Lemma moment_deriv_linear n c c' r K :
  (forall s, length s = n -> gen la lb d c s = r * c' s - K * c s) ->
  forall t, derivable_pt_lim (fun u => moment n c (p u n)) t
              (r * moment n c' (p t n) - K * moment n c (p t n)).
Proof.
  intros Hgen t.
  replace (r * moment n c' (p t n) - K * moment n c (p t n))
    with (sumL (fun s => p t n s * gen la lb d c s) (states n)); [apply moment_deriv|].
  unfold moment. rewrite <- !sumL_scal, <- sumL_sub. apply sumL_ext.
  intros s Hs%In_states. rewrite Hgen by exact Hs. ring.
Qed.

Lemma limit_moment_const n c0 : limit_at_infty (fun t => moment n (fun _ => c0) (p t n)) c0.
Proof.
  assert (Hconst : forall t, moment n (fun _ => c0) (p t n) = moment n (fun _ => c0) (p 0 n)).
  { intros t. apply (deriv_zero_const (fun u => moment n (fun _ => c0) (p u n))). clear t. intros t.
    replace 0 with (sumL (fun s => p t n s * gen la lb d (fun _ => c0) s) (states n));
      [apply moment_deriv|].
    rewrite (sumL_ext _ (fun _ => 0)) by (intros; rewrite gen_const; ring). apply sumL_0. }
  assert (Hinit : moment n (fun _ => c0) (p 0 n) = c0).
  { destruct mu_consistent as [Hprob _]. destruct (Hprob n) as [_ Hmass].
    unfold moment. rewrite sumL_scal, (sumL_ext _ (mu n)) by (intros; apply p_init).
    rewrite Hmass. ring. }
  intros eps Heps. exists 0. intros t _. rewrite Hconst, Hinit, Rminus_diag, Rabs_R0. lra.
Qed.

Lemma limit_moment_fast n k : (k < n)%nat ->
  limit_at_infty (fun t => moment n (fast k) (p t n))
    (la / (la + lb) * ((la + lb) / (la + lb + d)) ^ S k).
Proof.
  intros Hk.
  set (y j t := match j with
                | O => moment n (fun _ => la / (la + lb)) (p t n)
                | S j => moment n (fast j) (p t n)
                end).
  change (limit_at_infty (y (S k)) (la / (la + lb) * ((la + lb) / (la + lb + d)) ^ S k)).
  apply (limit_linear_cascade y (la + lb) (la + lb + d) _ n); [lra|apply limit_moment_const| |lia].
  intros [|j] t Hj; apply moment_deriv_linear; intros s Hs.
  - rewrite gen_fast_0 by lia. field. lra.
  - apply gen_fast_S. lia.
Qed.

(* The pair cascade is driven by [la * fast 0], written as [(la + lb) * (la / (la + lb) * fast 0)]
   so that all its levels share the rate [la + lb]. *)
Lemma limit_moment_fast_pair n k : (S k < n)%nat ->
  limit_at_infty (fun t => moment n (fast_pair k) (p t n))
    (la ^ 2 / ((la + lb) * (la + lb + d)) * ((la + lb) / (la + lb + 2 * d)) ^ S k).
Proof.
  intros Hk.
  set (y j t := match j with
                | O => moment n (fun s => la / (la + lb) * fast 0 s) (p t n)
                | S j => moment n (fast_pair j) (p t n)
                end).
  change (limit_at_infty (y (S k))
            (la ^ 2 / ((la + lb) * (la + lb + d)) * ((la + lb) / (la + lb + 2 * d)) ^ S k)).
  apply (limit_linear_cascade y (la + lb) (la + lb + 2 * d) _ (pred n)); [lra| | |lia].
  - replace (la ^ 2 / ((la + lb) * (la + lb + d)))
      with (la / (la + lb) * (la / (la + lb) * ((la + lb) / (la + lb + d)) ^ 1))
      by (field; lra).
    apply (limit_at_infty_ext (fun t => la / (la + lb) * moment n (fast 0) (p t n))).
    + intros t. symmetry. apply moment_scal.
    + apply limit_at_infty_scal, limit_moment_fast. lia.
  - intros [|j] t Hj; apply moment_deriv_linear; intros s Hs.
    + rewrite gen_fast_pair_0 by lia. field. lra.
    + apply gen_fast_pair_S. lia.
Qed.

End Transient.

(** * The stationary law *)

Fixpoint upflips (s : list bool) : list (list bool) :=
  match s with
  | nil => nil
  | a :: s' => (if a then nil else [true :: s']) ++ map (cons a) (upflips s')
  end.

Lemma upflips_spec s v : In v (upflips s) ->
  length v = length s /\ S (count_occ Bool.bool_dec v false) = count_occ Bool.bool_dec s false.
Proof.
  revert v; induction s as [|a s IH]; cbn; intros v H; [contradiction|].
  apply in_app_iff in H as [H|H].
  - destruct a; cbn in H; [contradiction|]. destruct H as [<-|[]]. cbn. auto.
  - apply in_map_iff in H as [w [<- Hw]]. apply IH in Hw as [Hl Hc].
    cbn. split; [lia|]. destruct a; cbn; lia.
Qed.

Lemma length_flips s : length (flips s) = count_occ Bool.bool_dec s true.
Proof.
  induction s as [|a s IH]; [reflexivity|]. cbn [flips].
  rewrite length_app, length_map, IH. destruct a; cbn; lia.
Qed.

Lemma sumL_upflips_snoc (f : list bool -> R) u x :
  sumL f (upflips (u ++ [x])) =
  sumL (fun v => f (v ++ [x])) (upflips u) + (if x then 0 else f (u ++ [true])).
Proof.
  revert f; induction u as [|a u IH]; intros f.
  - destruct x; cbn; ring.
  - cbn [app upflips]. rewrite !sumL_app, !sumL_map, (IH (fun v => f (a :: v))).
    destruct a; cbn; ring.
Qed.

Lemma sumL_flips_inflow_cons (x : R) a u b r :
  sumL (fun t => if list_eqb t (a :: u) then x else 0) (flips (b :: r)) =
  (if andb b (negb a) then (if list_eqb r u then x else 0) else 0) +
  (if Bool.eqb b a then sumL (fun t => if list_eqb t u then x else 0) (flips r) else 0).
Proof.
  cbn [flips]. rewrite sumL_app, sumL_map.
  rewrite (sumL_ext (fun t => if list_eqb (b :: t) (a :: u) then x else 0)
             (fun t => if Bool.eqb b a then (if list_eqb t u then x else 0) else 0))
    by (intros; apply list_eqb_cons).
  destruct a, b; cbn; rewrite ?list_eqb_cons, ?sumL_0; cbn; ring.
Qed.

Lemma sumL_flips_inflow m (q : list bool -> R) s : length s = m ->
  sumL (fun s' => sumL (fun t => if list_eqb t s then q s' else 0) (flips s')) (states m) =
  sumL q (upflips s).
Proof.
  revert q s; induction m as [|m IH]; intros q s Hs.
  - destruct s; [cbn; ring|discriminate].
  - destruct s as [|a u]; [discriminate|]. injection Hs as Hu.
    rewrite sumL_states_S, !(sumL_ext _ _ _ (fun r _ => sumL_flips_inflow_cons _ a u _ r)).
    destruct a; cbn [andb negb Bool.eqb upflips app]; rewrite !sumL_add, !sumL_0.
    + rewrite (IH (fun r => q (true :: r)) u Hu), sumL_map. ring.
    + rewrite (IH (fun r => q (false :: r)) u Hu), sumL_states_pick, sumL_cons, sumL_map
        by exact Hu. ring.
Qed.

Lemma shift_snoc b (w : list bool) x : shift b (w ++ [x]) = b :: w.
Proof.
  unfold shift. rewrite length_app, Nat.add_1_r. cbn [firstn].
  now rewrite firstn_app, Nat.sub_diag, firstn_all, app_nil_r.
Qed.

Lemma sumL_shift_inflow m b (r : R) (q : list bool -> R) a u : length u = m ->
  sumL (fun s' => if list_eqb (shift b s') (a :: u) then r * q s' else 0) (states (S m)) =
  if Bool.eqb b a then r * (q (u ++ [true]) + q (u ++ [false])) else 0.
Proof.
  intros Hu. rewrite sumL_states_snoc.
  rewrite (sumL_ext _ (fun w => if Bool.eqb b a then
      (if list_eqb w u then r * (q (w ++ [true]) + q (w ++ [false])) else 0) else 0)).
  - destruct (Bool.eqb b a); [now apply sumL_states_pick|apply sumL_0].
  - intros w _. rewrite !shift_snoc, !list_eqb_cons.
    destruct (Bool.eqb b a), (list_eqb w u); ring.
Qed.
(* Let $\mathbb{P}\subset\mathbb{R}^n$ be a polyhedron, $\mathbb{G}$ a nonempty face of $\mathbb{P}$, and $\mathfrak q\in(\mathbb{G}^* )^\circ|\mathbb{P}$. Then there is $r>0$ (depending on $\mathfrak q$) such that for all $\mathfrak n\in\mathbb{P}\setminus\mathbb{G}$ and $\mathfrak m\in\mathbb{G}$ one has $\mathrm{P}_{V(\mathbb{G})^\perp}(\mathfrak n-\mathfrak m)\ne0$ and $$\Big\langle\mathfrak q,\frac{\mathrm{P}_{V(\mathbb{G})^\perp}(\mathfrak n-\mathfrak m)}{|\mathrm{P}_{V(\mathbb{G})^\perp}(\mathfrak n-\mathfrak m)|}\Big\rangle\ge r.$$
   Context: A polyhedron is a finite intersection of closed half-spaces. For a polyhedron $\mathbb{Q}$ and a nonempty $\mathbb{G}\subset\mathbb{Q}$, $\mathbb{G}$ is a face of $\mathbb{Q}$ if there are $\mathfrak q,r$ with $\langle\mathfrak q,u\rangle=r$ on $\mathbb{G}$ and $>r$ on $\mathbb{Q}\setminus\mathbb{G}$; $(\mathbb{G}^* )^\circ|\mathbb{Q}=\{\mathfrak q\in\mathbb{R}^n\setminus\{0\}:\exists r,\langle\mathfrak q,u\rangle=r\ (u\in\mathbb{G}),\langle\mathfrak q,y\rangle>r\ (y\in\mathbb{Q}\setminus\mathbb{G})\}$. $V(\mathbb{G})=\mathrm{span}(\mathbb{G}-\mathfrak p)$ for any $\mathfrak p\in\mathbb{G}$ (the direction space of the affine hull), and $\mathrm{P}_{W}$ denotes orthogonal projection onto a subspace $W$. *)

From HB Require Import structures.
From mathcomp Require Import all_boot all_order all_algebra.
From Stdlib Require Import ClassicalEpsilon.
Set Implicit Arguments. Unset Strict Implicit. Unset Printing Implicit Defensive.
Import Order.TTheory GRing.Theory Num.Theory.
Local Open Scope ring_scope.

Definition dotp (R : rcfType) (n : nat) (u v : 'rV[R]_n) : R :=
  \sum_(i < n) u 0 i * v 0 i.

Definition vnorm (R : rcfType) (n : nat) (v : 'rV[R]_n) : R :=
  Num.sqrt (dotp v v).

Definition is_polyhedron (R : rcfType) (n : nat) (P : 'rV[R]_n -> Prop) : Prop :=
  exists (k : nat) (a : 'I_k -> 'rV[R]_n) (b : 'I_k -> R),
    forall x, P x <-> (forall i, dotp (a i) x <= b i).

Definition is_face (R : rcfType) (n : nat) (Q G : 'rV[R]_n -> Prop) : Prop :=
  (exists u, G u) /\ (forall u, G u -> Q u) /\
  exists (q : 'rV[R]_n) (r : R),
    (forall u, G u -> dotp q u = r) /\
    (forall y, Q y -> ~ G y -> r < dotp q y).

Definition in_dual_interior (R : rcfType) (n : nat) (Q G : 'rV[R]_n -> Prop)
    (q : 'rV[R]_n) : Prop :=
  q != 0 /\
  exists r : R,
    (forall u, G u -> dotp q u = r) /\
    (forall y, Q y -> ~ G y -> r < dotp q y).

(* V(G) = span (G - p), for p in G (independent of the choice of p). *)
Definition Vdir (R : rcfType) (n : nat) (G : 'rV[R]_n -> Prop) (v : 'rV[R]_n) : Prop :=
  exists p, G p /\
  exists (k : nat) (c : 'I_k -> R) (g : 'I_k -> 'rV[R]_n),
    (forall i, G (g i)) /\ v = \sum_(i < k) c i *: (g i - p).

Definition is_projperp (R : rcfType) (n : nat) (G : 'rV[R]_n -> Prop)
    (x y : 'rV[R]_n) : Prop :=
  (forall v, Vdir G v -> dotp y v = 0) /\ Vdir G (x - y).

(* P_{V(G)^perp} x, chosen by Hilbert's epsilon (it exists and is unique). *)
Definition projperp (R : rcfType) (n : nat) (G : 'rV[R]_n -> Prop)
    (x : 'rV[R]_n) : 'rV[R]_n :=
  epsilon (inhabits 0) (is_projperp G x).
..........
(Exercise prompt) Everything from the first line of the listing above through the line holding "intros Hgen t." must be retyped exactly; nothing else belongs in the reply.

(Solution to this task)
Lemma moment_deriv_linear n c c' r K :
  (forall s, length s = n -> gen la lb d c s = r * c' s - K * c s) ->
  forall t, derivable_pt_lim (fun u => moment n c (p u n)) t
              (r * moment n c' (p t n) - K * moment n c (p t n)).
Proof.
  intros Hgen t.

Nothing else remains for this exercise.